The complexity of Charles character comes in two aspects. Although he hates Adam, he also loves him and longs to be his friend. Had it not been for Cyrus' favoritism, the brothers probably would have had a normal sibling relationship. When Cyrus dies, Charles changes. He sinks into the mundane reality of farming and hopes that his brother will return to live with him. Since Charles is a good farmer, the community respects him. When Adam returns and questions his unvarying schedule of work and sleep, Charles tells him if they are to have a good farm they must work hard. He comes across as the stable brother, while Adam seems immature. He wants to spend his inheritance on luxuries and travels and encourages Charles to do the same.
Charles' evil side appears two more times in the novel, and both instances result from the jealousy he feels for his brother.
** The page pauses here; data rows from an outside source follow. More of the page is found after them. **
(* If $\lambda,\mu\in\Xi$ are circuits in $\Lambda$ and $V_0\cap F_\lambda\cap F_\mu\neq\emptyset$, then $\lambda$ and $\mu$ are consistent, i.e. $\lambda_e\mu_e\ge0$ for all $e\in E$.
   Context: Let $\mathcal M$ be a regular matroid on a finite ground set $E$, represented by a totally unimodular matrix $M$; $\mathcal F=\ker M\subseteq\mathbb R^E$ with Euclidean inner product, $\Lambda=\ker M\cap\mathbb Z^E$, $V_0=\{x\in\mathcal F:\|x\|\le\|x-\mu\|\ \forall\mu\in\Lambda\}$. A nonzero flow is Eulerian if all coordinates lie in $\{-1,0,1\}$; a circuit in $\Lambda$ is an Eulerian flow whose support is a circuit (minimal dependent set of columns) of $\mathcal M$; $\Xi$ is the set of circuits in $\Lambda$. For $\gamma\in\Xi$, $F_\gamma=\{x\in\mathcal F:2\langle x,\gamma\rangle=\|\gamma\|^2\}$. *)

From HB Require Import structures.
From mathcomp Require Import all_boot all_order all_algebra.
From mathcomp Require Import reals.
Set Implicit Arguments. Unset Strict Implicit. Unset Printing Implicit Defensive.
Import Order.TTheory GRing.Theory Num.Theory.
Local Open Scope ring_scope.
(* Let $A$ be a right faithful Banach algebra. If $A^* = \langle A^*\triangle A^{**}\rangle$, then the norm of $A$ is equivalent on $A$ to its right multiplier norm $\|a\|_{r}=\sup_{\|x\|_A\le 1}\|xa\|_A$. Symmetrically, if $A$ is left faithful and $A^* = \langle A^{**}\square A^*\rangle$, then the norm of $A$ is equivalent to its left multiplier norm $\|a\|_{l}=\sup_{\|x\|_A\le 1}\|ax\|_A$.
   Context: Arens-type module actions: for a Banach algebra $A$, $a,b\in A$, $f\in A^*$, $m\in A^{**}$, define $f\square a\in A^*$ by $\langle f\square a,b\rangle=\langle f,ab\rangle$ and $m\square f\in A^*$ by $\langle m\square f,a\rangle=\langle m,f\square a\rangle$; define $a\triangle f\in A^*$ by $\langle a\triangle f,b\rangle=\langle f,ba\rangle$ and $f\triangle m\in A^*$ by $\langle f\triangle m,a\rangle=\langle m,a\triangle f\rangle$. $\langle A^*\triangle A^{**}\rangle$ denotes the linear span of $\{f\triangle m: f\in A^*, m\in A^{**}\}$, and similarly for $\langle A^{**}\square A^*\rangle$. $A$ is right faithful if $xa=0$ for all $x\in A$ implies $a=0$ (so that $a\mapsto$ right multiplication by $a$ embeds $A$ injectively into its right multiplier algebra, with norm $\|\cdot\|_r$); left faithful is defined symmetrically. *)

From Stdlib Require Import Reals List.
Open Scope R_scope.

Record C := mkC { re : R; im : R }.
Definition C0 : C := mkC 0 0.
Definition C1 : C := mkC 1 0.
Definition Cadd (z w : C) : C := mkC (re z + re w) (im z + im w).
Definition Copp (z : C) : C := mkC (- re z) (- im z).
Definition Cmul (z w : C) : C :=
  mkC (re z * re w - im z * im w) (re z * im w + im z * re w).
Definition Cmod (z : C) : R := sqrt (re z ^ 2 + im z ^ 2).

Record BanachAlgebra := {
  car :> Type;
  add : car -> car -> car;
  zero : car;
  opp : car -> car;
  scal : C -> car -> car;
  mul : car -> car -> car;
  norm : car -> R;
  add_assoc : forall a b c, add a (add b c) = add (add a b) c;
  add_comm : forall a b, add a b = add b a;
  add_zero : forall a, add a zero = a;
  add_opp : forall a, add a (opp a) = zero;
  scal_one : forall a, scal C1 a = a;
  scal_assoc : forall z w a, scal z (scal w a) = scal (Cmul z w) a;
  scal_addl : forall z w a, scal (Cadd z w) a = add (scal z a) (scal w a);
  scal_addr : forall z a b, scal z (add a b) = add (scal z a) (scal z b);
  mul_assoc : forall a b c, mul a (mul b c) = mul (mul a b) c;
  mul_addl : forall a b c, mul (add a b) c = add (mul a c) (mul b c);
  mul_addr : forall a b c, mul a (add b c) = add (mul a b) (mul a c);
  mul_scall : forall z a b, mul (scal z a) b = scal z (mul a b);
  mul_scalr : forall z a b, mul a (scal z b) = scal z (mul a b);
  norm_nonneg : forall a, 0 <= norm a;
  norm_eq0 : forall a, norm a = 0 -> a = zero;
  norm_triangle : forall a b, norm (add a b) <= norm a + norm b;
  norm_scal : forall z a, norm (scal z a) = Cmod z * norm a;
  norm_submult : forall a b, norm (mul a b) <= norm a * norm b;
  complete : forall u : nat -> car,
    (forall eps, eps > 0 -> exists N, forall n m, (n >= N)%nat -> (m >= N)%nat ->
        norm (add (u n) (opp (u m))) < eps) ->
    exists l, forall eps, eps > 0 -> exists N, forall n, (n >= N)%nat ->
        norm (add (u n) (opp l)) < eps
}.

Section Duals.
Variable A : BanachAlgebra.

Definition in_dual (f : A -> C) : Prop :=
  (forall a b, f (add A a b) = Cadd (f a) (f b)) /\
  (forall z a, f (scal A z a) = Cmul z (f a)) /\
  (exists M, forall a, Cmod (f a) <= M * norm A a).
Charles totally violates Adam's trust when he allows him to be seduced by Cathy on Adam's wedding night. He also shows his evil tendency in his will, giving half of his fortune to Cathy Trask.
Adam Trask
Sheriff Quinn calls Adam a man of such honesty that he cannot conceive of anything but goodness and truth. For that reason, Adam cannot understand evil or corruption and cannot fathom the likes of Charles or Cathy. When he is forced to look evil in the face, he literally becomes sick or depressed, as when Cathy shoots him and leaves and when Aaron is killed in the war.
Because Adam is so good himself, he naturally favors Aaron, the light-headed twin who is the picture of goodness, over Caleb, the dark, secretive twin. He is especially proud of Aaron for going to college and studying to be a minister. He challenges Cal to be as good a person as his brother.
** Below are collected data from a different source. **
(* Let $n=2$, $D_0>0$, $\alpha>\beta>0$, and $\gamma_1,\gamma_2\in(0,1)$. Assume the matrix $H$ with $H_{ii}=\gamma_i$ and $H_{12}=H_{21}=-(\beta/\alpha)(\gamma_1+\gamma_2)/2$ is positive definite. Let $p^a_1\ge p^a_2\ge0$, and put $$D_0'=D_0(\alpha+\beta)/\alpha,\qquad \alpha'=(\alpha^2-\beta^2)/\alpha.$$ In the two-CP ex post regulation game described below: - If $$p^a_1\ \ge\ \frac{2\alpha}{\beta}\,p^a_2+\frac{(2\alpha-\beta)D_0}{\beta(\alpha-\beta)},$$ then there exists a pure-strategy Nash equilibrium with $d_1>0$ and $d_2=0$, and every pure-strategy Nash equilibrium is of this kind. Every such equilibrium satisfies: - $p^s_1+p^c_1=\frac{D_0'-\alpha'p^a_1}{2\alpha'}$, with $p^s_1$ (or $p^c_1$) otherwise free; - $d_1=\frac{D_0'+\alpha'p^a_1}{2}$; - the net revenue per unit demand $p^s_1+p^c_1+p^a_1=\frac{D_0'+\alpha'p^a_1}{2\alpha'}$ is shared in proportions $\gamma_1$ and $1-\gamma_1$ by the ISP and CP 1. - If this inequality does not hold, there is no pure-strategy Nash equilibrium.
   Context: Two-CP model with one ISP. Prices $p^s_1,p^s_2$ are chosen by the ISP, and $p^c_i$ by CP $i$; write $p_i=p^s_i+p^c_i$. Demands $d_i(p_1,p_2)$ are defined piecewise: 1. If $p_1<(D_0+\beta p_2)/\alpha$ and $p_2<(D_0+\beta p_1)/\alpha$: $d_1=D_0-\alpha p_1+\beta p_2$ and $d_2=D_0-\alpha p_2+\beta p_1$. 2. If $p_1<D_0/(\alpha-\beta)$ and $p_2\ge(D_0+\beta p_1)/\alpha$: $d_1=D_0-\alpha p_1+\beta(D_0+\beta p_1)/\alpha$ and $d_2=0$. 3. The case symmetric to case 2, with indices $1,2$ swapped. 4. If $p_1\ge D_0/(\alpha-\beta)$ and $p_2\ge D_0/(\alpha-\beta)$: $d_1=d_2=0$. $p^a_i\ge0$ is CP $i$'s advertising revenue per unit demand. Ex post regulation: after prices are set, a regulator sets the payment $p^d_i$ from CP $i$ to the ISP so that the revenue per unit demand $p_i+p^a_i$ from CP $i$'s content is split as $\gamma_i(p_i+p^a_i)$ to the ISP and $(1-\gamma_i)(p_i+p^a_i)$ to CP $i$. The resulting payoffs are $$U_{ISP}=\gamma_1d_1(p_1+p^a_1)+\gamma_2d_2(p_2+p^a_2),\qquad U_{CP,i}=(1-\gamma_i)d_i(p_i+p^a_i).$$ The ISP chooses $(p^s_1,p^s_2)\in\mathbb{R}^2$ and each CP $i$ chooses $p^c_i\in\mathbb{R}$, all simultaneously. *)

From Stdlib Require Import Reals Lra.
Open Scope R_scope.

(* Demand d1(p1,p2) of the two-CP model; cases 3 and 4 give d1 = 0.
   The four cases of the paper partition R^2 when alpha > beta > 0. *)
Definition dem1 (D0 al be p1 p2 : R) : R :=
  if Rlt_dec p1 ((D0 + be * p2) / al) then
    if Rlt_dec p2 ((D0 + be * p1) / al) then D0 - al * p1 + be * p2   (* case 1 *)
    else if Rlt_dec p1 (D0 / (al - be))
         then D0 - al * p1 + be * (D0 + be * p1) / al                  (* case 2 *)
         else 0
  else if Rlt_dec p2 ((D0 + be * p1) / al) then 0                      (* case 3 *)
  else if Rlt_dec p1 (D0 / (al - be))
       then D0 - al * p1 + be * (D0 + be * p1) / al                    (* case 2 *)
       else 0.                                                         (* case 4 *)

Definition dem2 (D0 al be p1 p2 : R) : R := dem1 D0 al be p2 p1.

Definition U_ISP (D0 al be g1 g2 pa1 pa2 p1 p2 : R) : R :=
  g1 * dem1 D0 al be p1 p2 * (p1 + pa1) + g2 * dem2 D0 al be p1 p2 * (p2 + pa2).
Definition U_CP1 (D0 al be g1 pa1 p1 p2 : R) : R :=
  (1 - g1) * dem1 D0 al be p1 p2 * (p1 + pa1).
Definition U_CP2 (D0 al be g2 pa2 p1 p2 : R) : R :=
  (1 - g2) * dem2 D0 al be p1 p2 * (p2 + pa2).

Definition is_NE (D0 al be g1 g2 pa1 pa2 ps1 ps2 pc1 pc2 : R) : Prop :=
  (forall qs1 qs2 : R,
     U_ISP D0 al be g1 g2 pa1 pa2 (qs1 + pc1) (qs2 + pc2)
       <= U_ISP D0 al be g1 g2 pa1 pa2 (ps1 + pc1) (ps2 + pc2)) /\
  (forall qc1 : R,
     U_CP1 D0 al be g1 pa1 (ps1 + qc1) (ps2 + pc2)
       <= U_CP1 D0 al be g1 pa1 (ps1 + pc1) (ps2 + pc2)) /\
  (forall qc2 : R,
     U_CP2 D0 al be g2 pa2 (ps1 + pc1) (ps2 + qc2)
       <= U_CP2 D0 al be g2 pa2 (ps1 + pc1) (ps2 + pc2)).

Definition posdef2 (a b c : R) : Prop :=
  forall x1 x2 : R, (x1 <> 0 \/ x2 <> 0) ->
    0 < a * x1 * x1 + 2 * b * x1 * x2 + c * x2 * x2.

(* While both demands are positive they are linear, and there CP 2's first-order condition
   and the ISP's gain from raising p2 are incompatible; the ISP can always secure g1 times
   CP 1's monopoly revenue, so in equilibrium exactly CP 2 is priced out.  CP 1 then faces
   the monopoly demand D0' - al' p1, the ISP's payoff g1 d1 (p1 + pa1) pins p1 at the
   monopoly price, and CP 2 stays out iff it cannot earn positive revenue against that
   price, which is the threshold on pa1.  Conversely, under the threshold the monopoly
   profile is an equilibrium: CP 1 cannot beat its monopoly revenue, CP 2 earns nothing at
   any price, and positive definiteness of H makes the ISP's shortfall from g1 times the
   monopoly revenue a nonnegative quadratic form. *)

From Stdlib Require Import Reals Lra Psatz.
Open Scope R_scope.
Ironically, Aaron turns against Adam when he finds out that he has lied. When he learns the truth about his mother, Aaron is totally crushed about what she is; more importantly, he is crushed that his father has perpetuated a lie about her throughout his life. Aaron is incapable of understanding that Adam has lied to protect his children.
Lee, the kind servant, is a constant testimony of Adam's honesty and goodness. He repeatedly tells both Aaron and Caleb that their father is very special and can be totally trusted. Even though Lee counsels Adam to tell the boys the truth about their mother, he does not lose respect for him when he refuses; Lee understands that Adam is trying to do what he thinks is best for his sons. When Lee counsels Adam against giving Cathy half of Charles' fortune, he knows that Adam is incapable of doing anything other than what the will says. If his brother intended his money to go to her, Adam will make certain that she gets her fair share.
Adam has little sense of the importance of material possessions. When he inherits the money from his father, he has no desire to hold it tightly. He would willingly spend it all on traveling. When he loses the money on the lettuce venture, he feels little disappointment. Even though his sons were crushed by the shame of the loss, Adam merely thought of it as an interesting proposition that had failed. Although the lettuce failure left him in a weak financial position, he did not act to make more money, for he was simply not concerned about wealth. When Cal gives him $15,000, Adam refuses to take it, for he feels it was not earned in an honorable way.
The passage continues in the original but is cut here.